Source data:
......
(* Let $X$ be a space, $E$ a Banach space, $p\in(1,\infty)$ and $q$ its conjugate index ($1/p+1/q=1$). Let $\{\phi_i\}_{i\in I}$ be a metric $p$-partition of unity on $X$, let $J\subseteq I$, and let $\{B_i\}_{i\in J}$ be bounded operators on $\ell^p_E(X)$ with $M:=\sup_{i\in J}\|B_i\|<\infty$. Then the sum $\sum_{i\in J}\phi_i^{p/q}B_i\phi_i$ converges strongly to a band operator on $\ell^p_E(X)$ of norm at most $M$.
   Context: A *space* is a metric space $(X,d)$ that is strongly discrete (the set $\{d(x,y):x,y\in X\}$ is a discrete subset of $\mathbb{R}$) and has bounded geometry (for every $r>0$, $\sup_{x\in X}|B(x;r)|<\infty$, where $B(x;r)=\{y\in X: d(x,y)\le r\}$). $\ell^p_E(X)$ is the Banach space of $p$-summable functions $X\to E$; a bounded function $\phi:X\to\mathbb{C}$ acts on it by pointwise multiplication. A band operator is a bounded operator whose matrix entries $A_{xy}\in\mathcal{L}(E)$ (defined by $A_{xy}e=(A(\delta_ye))(x)$) vanish whenever $d(x,y)$ exceeds some fixed bound. A metric $p$-partition of unity on $X$ is a family $\{\phi_i:X\to[0,1]\}_{i\in I}$ such that (i) there is $N\in\mathbb{N}$ such that for each $x$ at most $N$ of the numbers $\phi_i(x)$ are nonzero; (ii) $\sup_i\operatorname{diam}\{x:\phi_i(x)\neq0\}<\infty$; (iii) $\sum_{i\in I}\phi_i(x)^p=1$ for all $x\in X$. *)

From Stdlib Require Import Reals List ClassicalDescription.
Open Scope R_scope.

Record Cplx := mkC { Cre : R; Cim : R }.
Definition Cadd (a b : Cplx) : Cplx := mkC (Cre a + Cre b) (Cim a + Cim b).
Definition Cmul (a b : Cplx) : Cplx :=
  mkC (Cre a * Cre b - Cim a * Cim b) (Cre a * Cim b + Cim a * Cre b).
Definition Cabs (a : Cplx) : R := sqrt (Cre a ^ 2 + Cim a ^ 2).
Definition RtoC (r : R) : Cplx := mkC r 0.

Record CBanach := {
  bcar :> Type;
  badd : bcar -> bcar -> bcar;
  bzero : bcar;
  bopp : bcar -> bcar;
  bscal : Cplx -> bcar -> bcar;
  bnorm : bcar -> R;
  badd_assoc : forall u v w, badd u (badd v w) = badd (badd u v) w;
  badd_comm : forall u v, badd u v = badd v u;
  badd_zero : forall u, badd u bzero = u;
  badd_opp : forall u, badd u (bopp u) = bzero;
  bscal_addv : forall a u v, bscal a (badd u v) = badd (bscal a u) (bscal a v);
  bscal_adds : forall a b u, bscal (Cadd a b) u = badd (bscal a u) (bscal b u);
  bscal_mul : forall a b u, bscal (Cmul a b) u = bscal a (bscal b u);
  bscal_one : forall u, bscal (RtoC 1) u = u;
  bnorm_eq0 : forall u, bnorm u = 0 -> u = bzero;
  bnorm_scal : forall a u, bnorm (bscal a u) = Cabs a * bnorm u;
  bnorm_triangle : forall u v, bnorm (badd u v) <= bnorm u + bnorm v;
  bcomplete : forall s : nat -> bcar,
    (forall eps, 0 < eps -> exists N, forall m n, (N <= m)%nat -> (N <= n)%nat ->
        bnorm (badd (s m) (bopp (s n))) < eps) ->
    exists l, forall eps, 0 < eps -> exists N, forall n, (N <= n)%nat ->
        bnorm (badd (s n) (bopp l)) < eps
}.
Arguments badd {_}. Arguments bzero {_}. Arguments bopp {_}.
Arguments bscal {_}. Arguments bnorm {_}.

(* x^a for x >= 0, a > 0, with the convention 0^a = 0 *)
Definition rpow (x a : R) : R := if Rlt_dec 0 x then Rpower x a else 0.

Definition Rsum_list (l : list R) : R := fold_right Rplus 0 l.

(* supremum of a set of reals (0 if empty or unbounded) *)
Definition Rsup (P : R -> Prop) : R :=
  match excluded_middle_informative (bound P /\ exists x, P x) with
  | left h => proj1_sig (completeness P (proj1 h) (proj2 h))
  | right _ => 0
  end.

Definition ball {X : Type} (d : X -> X -> R) (x : X) (r : R) : X -> Prop :=
  fun y => d x y <= r.

Definition is_space (X : Type) (d : X -> X -> R) : Prop :=
  (forall x y, 0 <= d x y) /\
  (forall x y, d x y = 0 <-> x = y) /\
  (forall x y, d x y = d y x) /\
  (forall x y z, d x z <= d x y + d y z) /\
  (* strongly discrete: every distance value is isolated in the set of distances *)
  (forall x y, exists eps, 0 < eps /\
      forall x' y', Rabs (d x' y' - d x y) < eps -> d x' y' = d x y) /\
  (* bounded geometry: for every r > 0 the balls B(x;r) have uniformly bounded size *)
  (forall r, 0 < r -> exists N : nat, forall x, exists l : list X,
      (length l <= N)%nat /\ forall y, ball d x r y -> In y l).

Definition metric_p_partition (X : Type) (d : X -> X -> R) (p : R)
    (I : Type) (phi : I -> X -> R) : Prop :=
  (forall i x, 0 <= phi i x <= 1) /\
  (exists N : nat, forall x, exists l : list I,
      (length l <= N)%nat /\ forall i, phi i x <> 0 -> In i l) /\
  (exists D, forall i x y, phi i x <> 0 -> phi i y <> 0 -> d x y <= D) /\
  (* (iii) sum_i phi_i(x)^p = 1 (the sum has finitely many nonzero terms by (i)) *)
  (forall x (l : list I), NoDup l -> (forall i, phi i x <> 0 -> In i l) ->
      Rsum_list (map (fun i => rpow (phi i x) p) l) = 1).

Section Lp.
Context {E : CBanach} {X : Type}.

Definition fadd (f g : X -> E) : X -> E := fun x => badd (f x) (g x).
Definition fsub (f g : X -> E) : X -> E := fun x => badd (f x) (bopp (g x)).
Definition fscal (c : Cplx) (f : X -> E) : X -> E := fun x => bscal c (f x).
Definition mult_op (g : X -> R) (f : X -> E) : X -> E :=
  fun x => bscal (RtoC (g x)) (f x).

Definition lp_sums (p : R) (f : X -> E) : R -> Prop :=
  fun s => exists l : list X, NoDup l /\
     s = Rsum_list (map (fun x => rpow (bnorm (f x)) p) l).

Definition in_lp (p : R) (f : X -> E) : Prop := bound (lp_sums p f).

Definition lp_norm (p : R) (f : X -> E) : R := rpow (Rsup (lp_sums p f)) (/ p).

Definition is_bounded_op (p : R) (T : (X -> E) -> (X -> E)) : Prop :=
  (forall f, in_lp p f -> in_lp p (T f)) /\
  (forall f g, in_lp p f -> in_lp p g -> forall x, T (fadd f g) x = badd (T f x) (T g x)) /\
  (forall c f, in_lp p f -> forall x, T (fscal c f) x = bscal c (T f x)) /\
  (exists C, forall f, in_lp p f -> lp_norm p (T f) <= C * lp_norm p f).

Definition op_norm_le (p : R) (T : (X -> E) -> (X -> E)) (M : R) : Prop :=
  forall f, in_lp p f -> lp_norm p (T f) <= M * lp_norm p f.

Definition delta (d : X -> X -> R) (y : X) (e : E) : X -> E :=
  fun x => if Req_EM_T (d x y) 0 then e else bzero.

(* band operator: matrix entries A_xy e = (A (delta_y e))(x) vanish for d(x,y) > r *)
Definition is_band_op (d : X -> X -> R) (p : R) (T : (X -> E) -> (X -> E)) : Prop :=
  is_bounded_op p T /\
  exists r, forall x y, r < d x y -> forall e, T (delta d y e) x = bzero.

End Lp.

Definition Esum {E : CBanach} (l : list E) : E := fold_right badd bzero l.

From Stdlib Require Import Reals List Permutation Lra Classical ClassicalDescription
  FunctionalExtensionality.
From Stdlib Require ClassicalEpsilon.
Open Scope R_scope.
......
• WHAT IS BEING ASKED
Reproduce exactly the entries above, limited to the lines from the one with "s = Rsum_list" through the one with "fun x => if", both included.

• RESULT OF THE EXERCISE
     s = Rsum_list (map (fun x => rpow (bnorm (f x)) p) l).

Definition in_lp (p : R) (f : X -> E) : Prop := bound (lp_sums p f).

Definition lp_norm (p : R) (f : X -> E) : R := rpow (Rsup (lp_sums p f)) (/ p).

Definition is_bounded_op (p : R) (T : (X -> E) -> (X -> E)) : Prop :=
  (forall f, in_lp p f -> in_lp p (T f)) /\
  (forall f g, in_lp p f -> in_lp p g -> forall x, T (fadd f g) x = badd (T f x) (T g x)) /\
  (forall c f, in_lp p f -> forall x, T (fscal c f) x = bscal c (T f x)) /\
  (exists C, forall f, in_lp p f -> lp_norm p (T f) <= C * lp_norm p f).

Definition op_norm_le (p : R) (T : (X -> E) -> (X -> E)) (M : R) : Prop :=
  forall f, in_lp p f -> lp_norm p (T f) <= M * lp_norm p f.

Definition delta (d : X -> X -> R) (y : X) (e : E) : X -> E :=
  fun x => if Req_EM_T (d x y) 0 then e else bzero.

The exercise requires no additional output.